Think soft power creative placemaking as reconnaissance, perception management and population pacification. The perfect laughing, cutting, pasting, collaging, film- and model-making, creatively consulting assassins. Popping up here, there and everywhere.
(Well, anywhere undergoing “regeneration” (read: gentrification); anywhere there’s empty shops; anywhere there’s “opportunities” for artists; anywhere that needs to map and document the (so-to-be-past) lives of local communities; to “harvest” their stories; to “capture” memories; TO COLONISE DISENFRANCHISED AND VULNERABLE PEOPLE! Oh, and anywhere that people are willing to pay artists.)
Socially engaged artists in the pay of the gentrifiers come as sentimental missionaries and amateur cartographers but, like the worst wolves in an Angela Carter short story, the worst artists are hairy on the inside: mercenaries – freelance state agents of social cleansing by participation. They march from Intensification Area to Opportunity Area, from redevelopment site to regeneration zone, from gallery and museum outreach and education departments to Creative People and Places projects; fighting each other all the way; always clawing at doors for another commission.

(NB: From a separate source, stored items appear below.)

(* Let $q\in\Bbbk^\times$. (1) The linear map $\phi:A(q)\to A(q^{-1})$ with $\phi(e_1)=e_1$, $\phi(e_2)=e_2$, $\phi(a)=c$, $\phi(b)=d$, $\phi(c)=a$, $\phi(d)=b$ extends to an isomorphism. (2) The linear map $\psi:A(q)\to A(q^{-1})$ with $\psi(e_1)=e_2$, $\psi(e_2)=e_1$, $\psi(a)=qb$, $\psi(b)=a$, $\psi(c)=d$, $\psi(d)=c$ extends to an isomorphism.
   Context: $\Bbbk$ is an algebraically closed field of characteristic zero. Paths are written left to right. Let $Q$ be the quiver with vertices $e_1,e_2$, arrows $a,c:e_1\to e_2$ and $b,d:e_2\to e_1$; $A(q)=\Bbbk Q/(ab-cd,\ ba-q\,dc)$. *)

From HB Require Import structures.
From mathcomp Require Import all_boot all_order all_algebra.
Set Implicit Arguments. Unset Strict Implicit. Unset Printing Implicit Defensive.
Import GRing.Theory.
Local Open Scope ring_scope.

(* Generators of the path algebra of Q: vertices e1 e2, arrows
   a c : e1 -> e2 and b d : e2 -> e1.  Paths are written left to right,
   so the path "a then b" is the product a * b, and e1 * a = a = a * e2. *)
Record gens (K : fieldType) (R : algType K) := Gens {
  ge1 : R; ge2 : R; ga : R; gb : R; gc : R; gd : R }.

(* Defining relations of A(q) = kQ/(ab - cd, ba - q dc), presented by the
   standard presentation of the path algebra kQ (complete set of orthogonal
   idempotents e1, e2, and arrows a = e_{s(a)} a e_{t(a)}) plus the two
   relations. *)
Definition relA (K : fieldType) (R : algType K) (q : K) (g : gens R) : Prop :=
  [/\ ge1 g + ge2 g = 1,
      ge1 g * ge1 g = ge1 g /\ ge2 g * ge2 g = ge2 g,
      ge1 g * ge2 g = 0 /\ ge2 g * ge1 g = 0,
      [/\ ga g = ge1 g * ga g * ge2 g, gb g = ge2 g * gb g * ge1 g,
          gc g = ge1 g * gc g * ge2 g & gd g = ge2 g * gd g * ge1 g]
    & ga g * gb g = gc g * gd g /\ gb g * ga g = q *: (gd g * gc g)].

Definition sends_gens (K : fieldType) (R S : algType K) (f : R -> S)
  (g : gens R) (h : gens S) : Prop :=
  [/\ f (ge1 g) = ge1 h, f (ge2 g) = ge2 h, f (ga g) = ga h,
      f (gb g) = gb h & f (gc g) = gc h /\ f (gd g) = gd h].

Definition presentsA (K : fieldType) (R : algType K) (q : K) (g : gens R) : Prop :=
  relA q g /\
  forall (S : algType K) (h : gens S), relA q h ->
    exists f : {lrmorphism R -> S},
      sends_gens f g h
      /\ forall f' : {lrmorphism R -> S},
        sends_gens f' g h ->
        f' =1 f.

(* Both maps are relabellings of the generators that carry the relations of
   A(q) onto those of A(q^-1): swapping (a, b) with (c, d) exchanges the two
   sides of each relation, and the vertex flip turns ab = cd into ba = q^-1 dc
   once a is rescaled by q.  By the universal property each relabelling
   induces an algebra map, the inverse relabelling induces a map back, and
   both composites fix the generators, hence are the identity. *)
From HB Require Import structures.
From mathcomp Require Import all_boot all_order all_algebra.
Import GRing.Theory.
Local Open Scope ring_scope.

Set Implicit Arguments.
Unset Strict Implicit.

Section Relabellings.

Variables (K : fieldType) (R : algType K).

Definition gens_swap (g : gens R) : gens R :=
  Gens (ge1 g) (ge2 g) (gc g) (gd g) (ga g) (gb g).

Definition gens_flip (s t : K) (g : gens R) : gens R :=
  Gens (ge2 g) (ge1 g) (s *: gb g) (t *: ga g) (gd g) (gc g).

Lemma relA_swap (p p' : K) (g : gens R) :
  p' * p = 1 -> relA p g -> relA p' (gens_swap g).
Proof.
move=> pp' [sum1 idem orth [Ea Eb Ec Ed] [Rab Rba]].
by split=> //; split=> //=; rewrite Rba scalerA pp' scale1r.
Qed.

Lemma relA_flip (p p' s t : K) (g : gens R) :
  p' * p = 1 -> s * t = p' -> relA p g -> relA p' (gens_flip s t g).
Proof.
move=> pp' st [sum1 [I1 I2] [O12 O21] [Ea Eb Ec Ed] [Rab Rba]].
split=> //=; first by rewrite addrC.
- by split=> //; rewrite -scalerAr -scalerAl -?Ea -?Eb.
split; rewrite -scalerAr -scalerAl scalerA.
- by rewrite Rba scalerA [t * s]mulrC st pp' scale1r.
- by rewrite st Rab.
Qed.

End Relabellings.

Section Composites.

Variables (K : fieldType) (R S : algType K).
Variables (f : {lrmorphism R -> S}) (f' : {lrmorphism S -> R}).
Variables (g : gens R) (h : gens S).

Lemma sends_gens_swap_comp :
  sends_gens f g (gens_swap h) -> sends_gens f' h (gens_swap g) ->
  sends_gens (f' \o f) g g.
Proof.
move=> [F1 F2 Fa Fb [Fc Fd]] [F1' F2' Fa' Fb' [Fc' Fd']].
by split=> /=; rewrite ?F1 ?F2 ?Fa ?Fb ?Fc ?Fd.
Qed.

Lemma sends_gens_flip_comp (s t s' t' : K) :
  s * t' = 1 -> t * s' = 1 ->
  sends_gens f g (gens_flip s t h) -> sends_gens f' h (gens_flip s' t' g) ->
  sends_gens (f' \o f) g g.
Proof.
move=> st' ts' [F1 F2 Fa Fb [Fc Fd]] [F1' F2' Fa' Fb' [Fc' Fd']].
split=> /=; rewrite ?F1 ?F2 ?Fc ?Fd //.
- by rewrite Fa linearZ /= Fb' scalerA st' scale1r.
- by rewrite Fb linearZ /= Fa' scalerA ts' scale1r.
Qed.

End Composites.

Lemma presentsA_endo_id (K : fieldType) (R : algType K) (p : K) (g : gens R)
    (f : {lrmorphism R -> R}) :
  presentsA p g -> sends_gens f g g -> f =1 id.
Proof.
move=> [relg univ] fg x.
have [f0 [_ f0_unique]] := univ R g relg.
have id_g : sends_gens (idfun : {lrmorphism R -> R}) g g by [].
by rewrite (f0_unique _ fg x) -(f0_unique _ id_g x).
Qed.

Lemma presentsA_iso (K : fieldType) (R S : algType K) (p p' : K)
    (g : gens R) (h : gens S) (h' : gens S) (g' : gens R) :
  presentsA p g -> presentsA p' h -> relA p h' -> relA p' g' ->
  (forall (f : {lrmorphism R -> S}) (f' : {lrmorphism S -> R}),
     sends_gens f g h' -> sends_gens f' h g' ->
     sends_gens (f' \o f) g g /\ sends_gens (f \o f') h h) ->
  exists f : {lrmorphism R -> S}, bijective f /\ sends_gens f g h'.
Proof.
move=> presg presh relh' relg' comp_id.
have [f [fg _]] := presg.2 S h' relh'.
have [f' [f'h _]] := presh.2 R g' relg'.
have [f'f ff'] := comp_id f f' fg f'h.
exists f; split=> //; exists f'.
- exact: presentsA_endo_id presg f'f.
- exact: presentsA_endo_id presh ff'.
Qed.

Theorem lemma3p5 (K : closedFieldType) (charK0 : [pchar K] =i pred0)
  (q : K) (hq : q != 0)
  (Aq : algType K) (g : gens Aq) (HAq : presentsA q g)
  (Aqi : algType K) (h : gens Aqi) (HAqi : presentsA q^-1 h) :
  (exists phi : {lrmorphism Aq -> Aqi}, bijective phi /\
     [/\ phi (ge1 g) = ge1 h, phi (ge2 g) = ge2 h, phi (ga g) = gc h,
         phi (gb g) = gd h & phi (gc g) = ga h /\ phi (gd g) = gb h])
  /\
  (exists psi : {lrmorphism Aq -> Aqi}, bijective psi /\
     [/\ psi (ge1 g) = ge2 h, psi (ge2 g) = ge1 h, psi (ga g) = q *: gb h,
         psi (gb g) = ga h & psi (gc g) = gd h /\ psi (gd g) = gc h]).
Proof.
have qVq : q^-1 * q = 1 by rewrite mulVf.
have qqV : q * q^-1 = 1 by rewrite mulfV.
split.
- apply: (presentsA_iso HAq HAqi (relA_swap qqV HAqi.1) (relA_swap qVq HAq.1)).
  move=> f f' fh f'g.
  by split; [exact: sends_gens_swap_comp fh f'g | exact: sends_gens_swap_comp f'g fh].
- have [psi [bij_psi [E1 E2 Ea Eb [Ec Ed]]]] :=
    presentsA_iso HAq HAqi (relA_flip qqV (mulr1 q) HAqi.1)
      (relA_flip qVq (mul1r q^-1) HAq.1)
      (fun f f' fh f'g => conj (sends_gens_flip_comp qqV (mulr1 1) fh f'g)
                               (sends_gens_flip_comp (mulr1 1) qVq f'g fh)).
  by exists psi; rewrite /= scale1r in Eb.
Qed.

And so, this blog offers a cautionary tale. A tale with many tails. A tale about several artists who are not unique or unusual but represent complicity with state, local government and corporate interests in the social cleansing of some areas and the disempowerment of others. This is also research. It seeks to begin to lift the lid on how the creative industries works. How networks (spy networks?) are built up and developed. It seeks to reveal that socially engaged art and placemaking are stooges for a sinister neoliberal and neo-colonial system that’s hell bent on exploiting those most in need of help; that thinks nothing of dressing up the marginalising, dispossession and displacement of people in need of social justice, commitment and understanding, not gentrification and social cleansing!
I recommend Brutalism [redacted] – Social Art Practice and You by Balfron Social Club for another take on the invasive nature of social practice art in areas undergoing extreme gentrification.
The blog is in three parts. This is part one. Part two will be published tomorrow and part 3, The Cautionary Tale, will be published on Thursday.
The focus here is on The Elephant and Castle Opportunity Area and the work of three artists who variously collaborated on a range of socially engaged art projects at the Elephant and Castle, London from 2007 onwards: Eva Sajovic, Rebecca Davies and Sarah Butler.
But first a little background. I highly recommend anyone interested in reading about the gentrification of Southwark and the role of artists as both gentrifiers and anti-gentrification activists to take a good look through the Southwark Notes website.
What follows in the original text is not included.